SLO, Error Rate, Error Budget
A brief explanation of the key concepts of the SRE (Site Reliability Engineering)
Photo by Stephen Phillips - Hostreviews.co.uk on Unsplash
SLI (Service Level Indicator)
It's an indicator of good or bad events over all the valid events.
Count of requests returning response code 200 OK over the count of all the requests.
For ex:- 99 requests out of 100 returned 200 OK, then 99% is the SLI.
Count of request(200 OK)
SLI = ------------------------ * 100
Count of all the requests
SLO (Service Level Objective)
It's an objective which applied over the SLI and bounded with time.
In simple terms, bind our SLI with the period and objective which we want to achieve.
For ex:- If the SLO defined is 99.9%, then 99.9% of requests should be successful in 7, 28 or 30 days.
Out of 1 million (10,00,000) requests 9,99,000 requests should return 200 OK responses in 30 days.
10,00,000 * 99.9% = 9,99,000
Error Budget
It's the error percentage that we are allowed to consume without breaching our SLO.
For ex:- If the SLO is 99.9%, then the error budget becomes 0.1% (100% - 99.9%)
Out of 1 million (10,00,000) requests 9,99,000 requests should return 200 OK responses in 30 days with an SLO of 99.9%, then 1000 requests are allowed to be failed in 30 days with an error budget of 0.1%.
10,00,000 * 0.1% = 1000
Error Rate
The error rate is the percentage with which we are consuming our error budget. Let's try to understand this with a few different scenarios.
If the error rate is 1%, then we will be going to consume our error budget in 3 days.
1% of 1 million is 10,000, meaning we will get 10,000 failed requests, which is more than what is allowed.
So, 10,000 failed requests in 30 days.
1,000 requests will fail in 3 days.
It means we will consume our error budget in 3 days only.
If the error rate is 0.1%, which is equal to the error budget, then we will be going to consume our error budget in 30 days.
0.1% of 1 million is 1,000, meaning we will get 1,000 failed requests
So, 1,000 failed requests in 30 days.
It means we will consume our error budget in 30 days.
Burn Rate
Burn rate gives an idea of how fast we are consuming our error budget.

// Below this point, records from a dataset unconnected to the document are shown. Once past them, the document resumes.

Definition in_Sigma (N : nat) (A : nat -> nat -> bool) (w : seqZ) : Prop :=
  forall n : Z, (1 <= w n <= N)%nat /\ A (w n) (w (n + 1)%Z) = true.

Inductive apath (A : nat -> nat -> bool) : nat -> nat -> Prop :=
| apath_one i j : A i j = true -> apath A i j
| apath_cons i j k : A i j = true -> apath A j k -> apath A i k.

Definition transitive_SFT (N : nat) (A : nat -> nat -> bool) : Prop :=
  forall i j, (1 <= i <= N)%nat -> (1 <= j <= N)%nat -> apath A i j.

Definition inI (x : R) : Prop := 0 <= x <= 1.

(* f : I -> I strictly increasing C^1 diffeomorphism onto its image:
   maps I into I, strictly increasing on I, has a derivative (within I)
   which is continuous on I and positive (so the inverse is C^1 too). *)
Definition C1_diffeo_incr_on_I (f : R -> R) : Prop :=
  (forall x, inI x -> inI (f x)) /\
  (forall x y, inI x -> inI y -> x < y -> f x < f y) /\
  exists g : R -> R,
    (forall x, inI x -> 0 < g x) /\
    (forall x, inI x -> forall eps, 0 < eps -> exists delta, 0 < delta /\
        forall y, inI y -> y <> x -> Rabs (y - x) < delta ->
          Rabs ((f y - f x) / (y - x) - g x) < eps) /\
    (forall x, inI x -> forall eps, 0 < eps -> exists delta, 0 < delta /\
        forall y, inI y -> Rabs (y - x) < delta -> Rabs (g y - g x) < eps).

Definition finitely_many_coords (N : nat) (A : nat -> nat -> bool)
  (phi : seqZ -> R) : Prop :=
  exists M : Z, forall w w', in_Sigma N A w -> in_Sigma N A w' ->
    (forall j, (- M <= j <= M)%Z -> w j = w' j) -> phi w = phi w'.

(* phi_n : the function whose graph is F^n(graph phi):
   phi_0 = phi, phi_{n+1}(w) = f_{w_{-1}} (phi_n (sigma^{-1} w)),
   i.e. phi_n(w) = f_{w_{-1}} o ... o f_{w_{-n}} (phi (sigma^{-n} w)). *)
Fixpoint iter_graph (f : nat -> R -> R) (phi : seqZ -> R) (n : nat) : seqZ -> R :=
  match n with
  | O => phi
  | S m => fun w => f (w (-1)%Z) (iter_graph f phi m (shiftinv w))
  end.

Definition drifts_up (N : nat) (A : nat -> nat -> bool) (f : nat -> R -> R)
  (phi : seqZ -> R) : Prop :=
  forall w, in_Sigma N A w -> phi w < iter_graph f phi 1 w.

Definition drifts_down (N : nat) (A : nat -> nat -> bool) (f : nat -> R -> R)
  (phi : seqZ -> R) : Prop :=
  forall w, in_Sigma N A w -> iter_graph f phi 1 w < phi w.

(* sigma-algebra on sequences generated by the cylinder sets {w | w_j = a};
   its trace on Sigma is the Borel sigma-algebra of Sigma (product topology). *)
Inductive cyl_sigma : (seqZ -> Prop) -> Prop :=
| cs_cyl (j : Z) (a : nat) : cyl_sigma (fun w => w j = a)
| cs_compl (S : seqZ -> Prop) : cyl_sigma S -> cyl_sigma (fun w => ~ S w)
| cs_union (S : nat -> seqZ -> Prop) :
    (forall n, cyl_sigma (S n)) -> cyl_sigma (fun w => exists n, S n w)
| cs_ext (S T : seqZ -> Prop) :
    (forall w, S w <-> T w) -> cyl_sigma S -> cyl_sigma T.

Definition measurable_on_Sigma (N : nat) (A : nat -> nat -> bool)
  (psi : seqZ -> R) : Prop :=
  forall a : R, exists S, cyl_sigma S /\
    forall w, in_Sigma N A w -> (psi w <= a <-> S w).

(* The proof has three ingredients.
   - Monotonicity: since every f_k is increasing, the inequality φ < φ_1
     (resp. φ > φ_1) propagates to φ_n < φ_{n+1} (resp. >), so the bounded
     sequence φ_n(ω) is monotone and converges; its limit φ_{+∞} is a
     pointwise limit, chosen with Hilbert's ε-operator.
   - Locality: if φ depends only on the coordinates in [-K, K], then φ_n
     depends only on those in [-(K+n), max(K-n, -1)].  Hence each φ_n is
     measurable for the cylinder σ-algebra, and for n > K the value φ_n(ω)
     depends only on the past of ω, which passes to the limit.
   - Invariance: φ_{n+1}(σω) = f_{ω_0}(φ_n(ω)) and f_{ω_0} is continuous on I. *)

From Stdlib Require Import Reals ZArith Lia Lra Classical FunctionalExtensionality ClassicalEpsilon.
Open Scope R_scope.
(* Let $A\subseteq\Gamma$ be a finite set. Then for any integer $k\ge2$, $$\|A\|_{U^{k+1}}\ge\frac{\|A\|_{U^k}^{(3k-2)/(k-1)}}{\|A\|_{U^{k-1}}^{2k/(k-1)}}.$$ In particular, $\|A\|_{U^3}\ge\mathsf{E}^4(A)/|A|^8$.
   Context: $\Gamma$ is an abelian group. For $d\ge1$ the unnormalized Gowers norm of a set is $\|A\|_{U^d}=\sum_{x,h_1,\dots,h_d\in\Gamma}\prod_{\omega\in\{0,1\}^d}A(x+\omega\cdot h)$, where $\omega\cdot h=\sum_i\omega_ih_i$ and $A(\cdot)$ is the indicator function. Thus $\|A\|_{U^1}=|A|^2$ and $\|A\|_{U^2}=\mathsf{E}(A)=|\{a_1-a_2=a_3-a_4:a_i\in A\}|$. *)

From HB Require Import structures.
From mathcomp Require Import all_boot all_order all_algebra finmap.
From mathcomp Require Import reals exp.
Set Implicit Arguments. Unset Strict Implicit. Unset Printing Implicit Defensive.
Import Order.TTheory GRing.Theory Num.Theory.
Local Open Scope ring_scope.
Local Open Scope fset_scope.

Definition diffset (G : zmodType) (A : {fset G}) : {fset G} :=
  [fset (a - b) | a in A, b in A].

(* Unnormalized Gowers norm
     ||A||_{U^d} = sum_{x,h_1..h_d in G} prod_{w in {0,1}^d} A(x + w.h).
   A summand is nonzero only if x \in A (w = 0) and x + h_i \in A (w = e_i),
   hence h_i \in A - A; the sum is therefore written over that finite support. *)
Definition gowers (G : zmodType) (d : nat) (A : {fset G}) : nat :=
  \sum_(x : A) \sum_(h : {ffun 'I_d -> diffset A})
    \prod_(w : {ffun 'I_d -> bool})
      nat_of_bool ((val x + \sum_(i < d) (if w i then val (h i) else 0)%R)%R \in A).

(* Let a(h) count the x such that the whole cube x + {0,1}^(k-1).h lies in A,
   for h a (k-1)-tuple of differences, and r(g) the same count in dimension k.
   Then ||A||_{U^(k-1)} = sum a, ||A||_{U^k} = sum a^2 = sum r and
   ||A||_{U^(k+1)} = sum r^2, because summing r over one coordinate of g gives
   a^2 of the opposite face.  Let pi(g) be the product of a over the k faces of g.
   AM-GM over the faces gives sum r pi^(-1/k) <= sum a; Cauchy-Schwarz and the
   discrete Loomis-Whitney inequality give
   (sum r pi^(1/(k-1)))^2 <= sum r^2 (sum a^2)^(k/(k-1)); and Hoelder bounds
   sum r by a product of powers of these two sums in which pi cancels.
   Eliminating gives (sum a^2)^(3k-2) <= (sum r^2)^(k-1) (sum a)^(2k). *)

From HB Require Import structures.
From mathcomp Require Import all_boot all_order all_algebra finmap.
From mathcomp Require Import reals sequences exp.
From mathcomp Require Import ring lra zify.
Import Order.TTheory GRing.Theory Num.Theory.
Set Implicit Arguments. Unset Strict Implicit. Unset Printing Implicit Defensive.
Local Open Scope ring_scope.
(* ... and every pair of restrictions occurs: the lines over l correspond to
   the pairs of lines of pi(P,l) and pi(Q,l). *)
Lemma fibre_size l P Q : QI P l -> QI Q l -> P != Q ->
  #|[set g | phiL g == l]| = (pencil_size QI P).-1 * (pencil_size QI Q).-1.
Proof.
move=> Pl Ql PQ; rewrite -(pi_size Pl) -(pi_size Ql) -cardsX.
apply: (@card_eq_rel _ _ _ _ (fun g ST => (val ST.1 == rs P g) && (val ST.2 == rs Q g))).
- move=> g; rewrite inE => /eqP gl.
  have [z /andP[zg zP]] : exists z, I z g && (phiP z == P) by apply: line_meets_class; rewrite gl.
  have [w /andP[wg wQ]] : exists w, I w g && (phiP w == Q) by apply: line_meets_class; rewrite gl.
  exists (mkLn zg zP, mkLn wg wQ).
  by rewrite in_setX /= (mkLn_pi zg zP gl) (mkLn_pi wg wQ gl) !eqxx.
- move=> [S T]; rewrite in_setX /= => /andP[HS HT].
  have /piP[g0 [_ ES]] := HS; have /piP[h0 [_ ET]] := HT.
  have := valP S; rewrite inE => /andP[/set0Pn[z zS] _].
  have := valP T; rewrite inE => /andP[/set0Pn[w wT] _].
  have zP : phiP z == P by move: zS; rewrite ES in_restr => /andP[].
  have wQ : phiP w == Q by move: wT; rewrite ET in_restr => /andP[].
  have [g /andP[zg wg]] := Hjoin z w.
  have gl : phiL g = l.
    have := phi_inc zg; have := phi_inc wg; rewrite (eqP zP) (eqP wQ) => Qg Pg.
    exact: (proj_line_uniq HQ PQ Pg Qg Pl Ql).
  have zS' : J P (mkPt zP) S by [].
  have wT' : J Q (mkPt wQ) T by [].
  have zSg : J P (mkPt zP) (mkLn zg zP) by rewrite /restr_inc in_restr zg zP.
  have wTg : J Q (mkPt wQ) (mkLn wg wQ) by rewrite /restr_inc in_restr wg wQ.
  exists g; rewrite inE gl eqxx /=.
  by rewrite (pi_uniq HS (mkLn_pi zg zP gl) zS' zSg) (pi_uniq HT (mkLn_pi wg wQ gl) wT' wTg) !eqxx.
- move=> g [S T] [S' T'] _ _ _ /andP[/eqP SP /eqP TQ] /andP[/eqP S'P /eqP T'Q].
  by congr pair; apply: val_inj; [rewrite SP S'P | rewrite TQ T'Q].
- move=> g g' [S T] gl g'l _ /andP[/eqP SP /eqP TQ] /andP[/eqP SP' /eqP TQ'].
  move: gl g'l; rewrite !inE => /eqP gl /eqP g'l.
  by apply: (fibre_line_inj gl g'l PQ Pl Ql); rewrite -?SP -?TQ.
Qed.

Definition nbhd_pt P : finType := (Pts P : finType).
Definition nbhd_ln P : finType := (Lns P : finType).
Definition nbhd_inc P : nbhd_pt P -> nbhd_ln P -> bool := J P.
Definition fibre l : finType := ({g : Ln | phiL g == l} : finType).

(* A default line of the neighbourhood, needed to index the classes. *)
Lemma exists_nbhd_line P : exists S : Lns P, true.
Proof.
have [l Pl] := proj_line_through HQ P.
by have [S _] := pi_cover (centre P) Pl; exists S.
Qed.
Definition some_line P : Lns P := xchoose (exists_nbhd_line P).

(* From now on all pencils of QI have n+2 lines, i.e. the order is n+1. *)
Section Order.
Variable n : nat.
Hypothesis pencil_n : forall P, pencil_size QI P = n.+2.

Definition beta P l (i : 'I_n.+1) : Lns P := nth (some_line P) (enum (pi P l)) i.

Lemma size_enum_pi P l : QI P l -> size (enum (pi P l)) = n.+1.
Proof. by move=> Pl; rewrite -cardE pi_size // pencil_n. Qed.

Lemma beta_in P l i : QI P l -> beta P l i \in pi P l.
Proof. by move=> Pl; rewrite -mem_enum; apply: mem_nth; rewrite size_enum_pi. Qed.

Lemma beta_inj P l : QI P l -> injective (beta P l).
Proof.
move=> Pl i j /eqP; rewrite /beta nth_uniq ?size_enum_pi ?enum_uniq //.
by move=> /eqP; apply: ord_inj.
Qed.

Lemma beta_surj P l S : QI P l -> S \in pi P l -> exists i, beta P l i = S.
Proof.
move=> Pl HS; have Si : index S (enum (pi P l)) < n.+1.
  by rewrite -(size_enum_pi Pl) index_mem mem_enum.
by exists (Ordinal Si); rewrite /beta /= nth_index // mem_enum.
Qed.

Definition entry l (r : fibre l) P : 'I_n.+1 :=
  odflt ord0 [pick i | val (beta P l i) == rs P (val r)].

Lemma beta_entry l (r : fibre l) P : QI P l -> val (beta P l (entry r P)) = rs P (val r).
Proof.
move=> Pl; have Pr : QI P (phiL (val r)) by rewrite (eqP (valP r)).
have [p /andP[pr pP]] := line_meets_class Pr.
have [i Ei] := beta_surj Pl (mkLn_pi pr pP (eqP (valP r))).
rewrite /entry; case: pickP => [j /eqP //|noi].
by move: (noi i); rewrite Ei eqxx.
Qed.

Lemma entry_bijective l P Q : QI P l -> QI Q l -> P != Q ->
  bijective (fun r : fibre l => (entry r P, entry r Q)).
Proof.
move=> Pl Ql PQ; apply: inj_card_bij.
  move=> r r' [EP EQ]; apply: val_inj.
  apply: (fibre_line_inj (eqP (valP r)) (eqP (valP r')) PQ Pl Ql).
    by rewrite -!beta_entry // EP.
  by rewrite -!beta_entry // EQ.
by rewrite card_prod card_ord card_sig -cardsE (fibre_size Pl Ql PQ) !pencil_n.
Qed.

Lemma QI_order : proj_plane_order QI n.+1.
Proof.
split; [exact: HQ | split=> [g|P]; last exact: pencil_n].
by have [R Rg] := proj_point_off HQ g; rewrite (line_size_pencil HQ Rg) pencil_n.
Qed.

Lemma nbhd_order P : affine_plane_order (@nbhd_inc P) n.+1.
Proof.
split; first exact: nbhd_affine.
split; first by rewrite nbhd_size pencil_n.
split; last by rewrite par_classes_size pencil_n.
by move=> S; apply/eqP; rewrite -eqSS nbhd_line_size pencil_n.
Qed.

Lemma entry_OA l : OA_on QI n.+1 l (@entry l).
Proof. by split=> [|P Q Pl Ql PQ]; [rewrite card_ord | exact: entry_bijective]. Qed.

Lemma pi_admissible : admissible_pi QI nbhd_inc pi.
Proof.
move=> P; split; first by move=> l; apply: pi_par_classes.
by split=> [l l' Pl Pl'|C /par_classes_pi]; first exact: pi_inj.
Qed.
Lemma clifford_mul n (U V : 'M[C]_(2 ^ n)) :
  clifford U -> clifford V -> clifford (U *m V).
Proof.
move=> [uU [U_to U_onto]] [uV [V_to V_onto]]; rewrite /clifford adjmxM; split; [|split].
- by rewrite /unitary adjmxM mulmxA -(mulmxA U) uV mulmx1 uU.
- by move=> P /V_to /U_to; rewrite !mulmxA.
- move=> Q /U_onto [P1 [/V_onto [P2 [gP2 ->]] ->]].
  by exists P2; rewrite !mulmxA.
Qed.

Lemma clifford_adj n (U : 'M[C]_(2 ^ n)) : clifford U -> clifford (adjmx U).
Proof.
move=> [uU [U_to U_onto]]; have uU' := unitary_adj uU.
have conjK P : adjmx U *m (U *m P *m adjmx U) *m U = P.
  by rewrite !mulmxA uU' mul1mx -mulmxA uU' mulmx1.
rewrite /clifford adjmxK; split; [by rewrite /unitary adjmxK | split].
- by move=> P /U_onto [Q [gQ ->]]; rewrite conjK.
- by move=> Q gQ; exists (U *m Q *m adjmx U); rewrite conjK; split => //; exact: U_to.
Qed.

Lemma mxtrace_unitary_conj n (U A : 'M[C]_(2 ^ n)) :
  unitary U -> \tr (U *m A *m adjmx U) = \tr A.
Proof. by move/unitary_adj=> uU; rewrite mxtrace_mulC mulmxA uU mul1mx. Qed.

Lemma unitary_conjM n (U A B : 'M[C]_(2 ^ n)) : unitary U ->
  (U *m A *m adjmx U) *m (U *m B *m adjmx U) = U *m (A *m B) *m adjmx U.
Proof. by move/unitary_adj=> uU; rewrite !mulmxA -(mulmxA _ (adjmx U)) uU mulmx1. Qed.

(* Meaningful only on the Pauli group (in_pauli_groupP); junk elsewhere. *)
Definition pauli_index n (M : 'M[C]_(2 ^ n)) : {ffun 'I_n -> 'I_4} :=
  odflt (pauli_id n) [pick q | \tr (M *m pauli q) != 0].

Lemma pauli_indexZ n c (q : {ffun 'I_n -> 'I_4}) : c != 0 -> pauli_index (c *: pauli q) = q.
Proof.
move=> nz_c.
have trE q' : \tr (c *: pauli q *m pauli q') = c * (if q == q' then (2 ^ n)%:R else 0).
  by rewrite -scalemxAl mxtraceZ pauli_trace.
rewrite /pauli_index; case: pickP => [q' | /(_ q)] /=; rewrite trE.
  by have [->|_] := eqVneq q q'; rewrite ?mulr0 ?eqxx.
by rewrite eqxx mulf_neq0 // pnatr_eq0 expn_eq0.
Qed.

Lemma in_pauli_groupP n (M : 'M[C]_(2 ^ n)) :
  in_pauli_group M -> exists2 c, pauli_phase c & M = c *: pauli (pauli_index M).
Proof. by move=> [c [q [pc ->]]]; exists c; rewrite ?pauli_indexZ ?pauli_phase_neq0. Qed.

(* A unitary mapping Pauli strings into the Pauli group induces a map on
   strings that is injective by trace orthogonality, hence onto; this gives
   the second half of the normalizer condition for free. *)
Section PauliConjugation.
Variables (n : nat) (U : 'M[C]_(2 ^ n)).
Hypotheses (uU : unitary U) (U_to : forall q, in_pauli_group (U *m pauli q *m adjmx U)).
(* Let $m\ge2$ and $f_1,\dots,f_m:X\to\mathbb R_{+\infty}$ with $\bigcap_{i=1}^m\operatorname{dom} f_i\ne\emptyset$. Consider: (i) there is $K>1$ such that $\partial_\varepsilon(\sum_i f_i)(x)\subset\sum_{i=1}^m\partial_{K\varepsilon}f_i(x)$ for all $x\in\bigcap_i\operatorname{dom} f_i$ and $\varepsilon>0$; (ii) there is $K>0$ such that $\operatorname{cl}\big(\sum_{i=1}^m\partial_\varepsilon f_i(x)\big)\subset\sum_{i=1}^m\partial_{K\varepsilon}f_i(x)$ for all $x\in\bigcap_i\operatorname{dom} f_i$ and $\varepsilon>0$; (iii) for all $x\in X$ and $\varepsilon\ge0$, $\partial_\varepsilon(\sum_i f_i)(x)=\bigcap_{\eta>0}\bigcup_{\varepsilon_i\ge0,\ \sum_i\varepsilon_i=\varepsilon+\eta}\sum_{i=1}^m\partial_{\varepsilon_i}f_i(x)$; (iv) $(\sum_{i=1}^m f_i)^*=f_1^*\square\cdots\square f_m^*$; (v) $f_1^*\square\cdots\square f_m^*$ is lower semicontinuous on $\mathcal L$. Then (i)$\Leftrightarrow$(iii)$\Leftrightarrow$(iv)$\Rightarrow$(v)$\Rightarrow$(ii). If moreover, for all $x\in\bigcap_i\operatorname{dom} f_i$ and $\varepsilon\ge0$, $\partial_\varepsilon(\sum_i f_i)(x)=\bigcap_{\eta>0}\operatorname{cl}\big(\bigcup_{\varepsilon_i\ge0,\ \sum_i\varepsilon_i=\varepsilon+\eta}\sum_{i=1}^m\partial_{\varepsilon_i}f_i(x)\big)$ (which holds in particular if $\operatorname{cl}(\sum_i\operatorname{epi} f_i^* )=\operatorname{epi}(\sum_i f_i)^*$), then all five properties are equivalent.
   Context: $X$ is a nonempty set; $\mathbb R_{+\infty}=\mathbb R\cup\{+\infty\}$. $\mathcal L$ is a family of functions $X\to\mathbb R$ closed under pointwise addition and real scalar multiplication, equipped with the pointwise convergence topology (weakest topology making all evaluations $l\mapsto l(x)$ continuous); $\mathcal L\times\mathbb R$ has the product topology; $\operatorname{cl}$ denotes closure. For $f:X\to\mathbb R_{+\infty}$: $\operatorname{dom} f=\{x:f(x)<+\infty\}$; $f^*(l)=\sup_{x\in X}(l(x)-f(x))$; $\operatorname{epi} f^*=\{(l,r):f^*(l)\le r\}$. Infimal convolution: $(g_1\square\cdots\square g_m)(l)=\inf\{\sum_i g_i(l_i):l_i\in\mathcal L,\ \sum_i l_i=l\}$. For $\varepsilon\ge0$ and $x\in\operatorname{dom} f$, $\partial_\varepsilon f(x)=\{l\in\mathcal L: f(y)-f(x)-(l(y)-l(x))+\varepsilon\ge0\ \forall y\in X\}$, and $\emptyset$ if $x\notin\operatorname{dom} f$. Sums of sets are Minkowski sums. *)

From Stdlib Require Import Reals Classical ClassicalEpsilon List.
Open Scope R_scope.

Inductive Rbar : Type := Finite (r : R) | p_infty | m_infty.

Definition Rbar_le (a b : Rbar) : Prop :=
  match a, b with
  | m_infty, _ => True
  | _, p_infty => True
  | Finite x, Finite y => x <= y
  | _, _ => False
  end.

Definition Rbar_lt (a b : Rbar) : Prop := Rbar_le a b /\ a <> b.

(* Addition; +oo is absorbing (the usual "upper" convention for
   infimal convolutions); it is only ever applied to values > -oo here. *)
Definition Rbar_plus (a b : Rbar) : Rbar :=
  match a, b with
  | p_infty, _ | _, p_infty => p_infty
  | m_infty, _ | _, m_infty => m_infty
  | Finite x, Finite y => Finite (x + y)
  end.

Definition R_minus_Rbar (r : R) (a : Rbar) : Rbar :=
  match a with
  | Finite y => Finite (r - y)
  | p_infty => m_infty
  | m_infty => p_infty
  end.

Definition is_lub_Rbar (P : Rbar -> Prop) (s : Rbar) : Prop :=
  (forall v, P v -> Rbar_le v s) /\
  (forall b, (forall v, P v -> Rbar_le v b) -> Rbar_le s b).

Definition is_glb_Rbar (P : Rbar -> Prop) (s : Rbar) : Prop :=
  (forall v, P v -> Rbar_le s v) /\
  (forall b, (forall v, P v -> Rbar_le b v) -> Rbar_le b s).

Definition Rbar_sup (P : Rbar -> Prop) : Rbar :=
  epsilon (inhabits m_infty) (is_lub_Rbar P).
Definition Rbar_inf (P : Rbar -> Prop) : Rbar :=
  epsilon (inhabits p_infty) (is_glb_Rbar P).

Fixpoint Rbar_sumn (n : nat) (g : nat -> Rbar) : Rbar :=
  match n with
  | O => Finite 0
  | S k => Rbar_plus (Rbar_sumn k g) (g k)
  end.

Fixpoint rsum (n : nat) (g : nat -> R) : R :=
  match n with
  | O => 0
  | S k => rsum k g + g k
  end.

Section Defs.
Context {X : Type}.

Definition fsum (n : nat) (l : nat -> X -> R) : X -> R :=
  fun x => rsum n (fun i => l i x).

Definition fsumbar (m : nat) (f : nat -> X -> Rbar) : X -> Rbar :=
  fun x => Rbar_sumn m (fun i => f i x).

Definition dom (g : X -> Rbar) (x : X) : Prop := g x <> p_infty.

Definition in_all_dom (m : nat) (f : nat -> X -> Rbar) (x : X) : Prop :=
  forall i, (i < m)%nat -> dom (f i) x.

Definition is_linear_family (L : (X -> R) -> Prop) : Prop :=
  (forall l1 l2, L l1 -> L l2 -> L (fun x => l1 x + l2 x)) /\
  (forall (a : R) l, L l -> L (fun x => a * l x)).

Definition conj (g : X -> Rbar) (l : X -> R) : Rbar :=
  Rbar_sup (fun v => exists x, v = R_minus_Rbar (l x) (g x)).

Definition infconv (L : (X -> R) -> Prop) (m : nat)
  (g : nat -> (X -> R) -> Rbar) (l : X -> R) : Rbar :=
  Rbar_inf (fun v => exists li : nat -> X -> R,
     (forall i, (i < m)%nat -> L (li i)) /\
     (forall x, fsum m li x = l x) /\
     v = Rbar_sumn m (fun i => g i (li i))).

Definition epi_conj (L : (X -> R) -> Prop) (g : X -> Rbar) (p : (X -> R) * R)
  : Prop := L (fst p) /\ Rbar_le (conj g (fst p)) (Finite (snd p)).

(** ε-subdifferential (empty when x ∉ dom g) *)
Definition esubdiff (L : (X -> R) -> Prop) (g : X -> Rbar) (eps : R) (x : X)
  (l : X -> R) : Prop :=
  L l /\ exists gx, g x = Finite gx /\
    forall y, Rbar_le (Finite (gx + (l y - l x) - eps)) (g y).

Definition msum (m : nat) (A : nat -> (X -> R) -> Prop) (l : X -> R) : Prop :=
  exists li : nat -> X -> R,
    (forall i, (i < m)%nat -> A i (li i)) /\ (forall x, l x = fsum m li x).

Definition msum2 (m : nat) (A : nat -> (X -> R) * R -> Prop)
  (p : (X -> R) * R) : Prop :=
  exists pi : nat -> (X -> R) * R,
    (forall i, (i < m)%nat -> A i (pi i)) /\
    (forall x, fst p x = fsum m (fun i => fst (pi i)) x) /\
    snd p = rsum m (fun i => snd (pi i)).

Let's try to understand it with the scenarios discussed in the Error Rate.
If the error rate is 0.1%, we will be consuming our error budget in 30 days, the burn rate will be 1.
If the error rate is 1%, we will be consuming our error budget in 3 days, which is 10 times faster, the burn rate will be 10.
SLO Burn Rate Alerting
Target Error Rate >= SLO Threshold
We can choose a small window of 10 minutes for raising the alert.
If the SLO is 99.9%, the SLO Threshold is 0.1% and the error rate is greater than or equal to 0.1% within 10 minutes, then the alert will be raised.1000 requests are allowed to fail in 30 days as per a 0.1% error budget.
1000 requests -> 30 days * 24 hours * 60 minutes
1000 requests -> 43200 minutes
1000/43200 requests -> 1 minute
(1000/43200)*10 requests ->10 minute0.2 requests -> 10 minute
It means 0.2 requests are allowed to fail in 10 minutes, and 0.2 requests are 0.02% of 1000.
It means we will consume only 0.02% of our error budget in 10 minutes.
As we previously discussed in the error rate, if the error rate is 0.1% and the error budget is also 0.1%, then we will consume our error budget on the last day.
It means we are getting alerted even though we will complete our 30 days without breaching our threshold.